This was exemplified in a moment that none of us who heard it will ever forget: the heated debate—if we want to call it that. I’d prefer to call it an argument—between Chick Young and Jim Traynor on Radio Scotland over whether the then-Ibrox chairman had indicated that the club could go bust by nodding his head. It really has to be heard to be believed. So I went out and sourced a version of it, and you can check it out here. Honestly, if you’ve never heard it, give it a listen.
For those of us who sat through all 20 minutes of it that day, it felt surreal. We didn’t need the Ibrox chairman to confirm that the club was in deadly peril—some of us already knew. Some of us had been writing about it for a while.
We were well aware that the club was in mortal trouble and that if that £50 million tax bill landed, they couldn’t pay it. It was as obvious as anything in the history of the game. It was written in letters 50 feet high—so clear that even the dumbest hack should have been able to read the writing on the wall.
What that exchange proved was that they were all living in a kind of collective denial about the very real possibility of financial ruin. Young seemed to believe he had broken a major story. In fact, all he had done was get the Ibrox chairman to obliquely confirm what we all already knew. Even then, Young wasn’t confident enough to stand his story up properly, and Traynor dismissed the idea completely.
That exchange happened in early 2011.
Less than a year later, the Ibrox club was gone.
In many ways, Young was vindicated—or would have been, had he actually led with the point that all the Ibrox chairman had done was state the obvious. In reality, the only people truly vindicated were those on Celtic sites who had been confidently predicting such an outcome since 2009.
Yet from that moment in 2009—when the penny dropped for some of us—all the way through to administration itself, people in the media still refused to confront the looming reality. Even as everything we had theorised could happen started to happen, and as the proof was freely available, they ignored it.
They just didn’t want to see it.
In doing so, they let down the Ibrox fans. They could have, if they had wanted to, sounded the alarm long before it went off on its own. They could have started preparing that club’s supporters for a really difficult time.

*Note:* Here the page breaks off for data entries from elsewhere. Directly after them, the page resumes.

Lemma primitive_divisor_sum_of (F : finFieldType) (p n d : nat) :
  prime p -> #|F| = (p ^ n)%N -> primitive_divisor d p n ->
  forall x : F, exists s, sum_of (unity_root0 F d) s x.
Proof.
move=> p_pr oF d_prim x.
have dvd_dF : (d %| #|F|.-1)%N by rewrite oF -subn1; case: d_prim.
have [w pw] := finField_prim_root F.
have pz := dvdn_prim_root pw dvd_dF; set z := w ^+ _ in pz.
have [k [m ->]] := primitive_divisor_expansion p_pr oF d_prim pz x.
exists (\sum_(i < k) m i)%N; apply: sum_of_sum => i.
rewrite -{1}[m i]mul1n; apply: sum_of_muln; apply: sum_of1.
exact: prim_root_unity_root0.
Qed.

Lemma finField_root_dvdp (F : finFieldType) (r : {poly F}) :
  (1 < size r)%N -> r %| 'X^#|F| - 'X -> exists x, root r x.
Proof.
move=> r_gt1; rewrite finField_genPoly => /dvdp_prod_XsubC[m].
case: (mask m _) => [|x s] r_eq.
  by move: r_gt1; rewrite (eqp_size r_eq) big_nil size_poly1.
by exists x; rewrite (eqp_root r_eq) root_prod_XsubC mem_head.
Qed.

They might even have forced the club itself to radically change course before it was too late. But they did none of that. Instead, they watched as the club drifted, Titanic-like, towards the iceberg.
Everything prior to the moment Craig Whyte walked out of Ibrox and announced that the reports were true—that the club would go into administration the following day—is on them. It’s on the way they misled the supporters and failed to provide the proper context for the situation surrounding their club.
Even when they finally woke up to the reality of who Craig Whyte was and started writing about it, it was already too late.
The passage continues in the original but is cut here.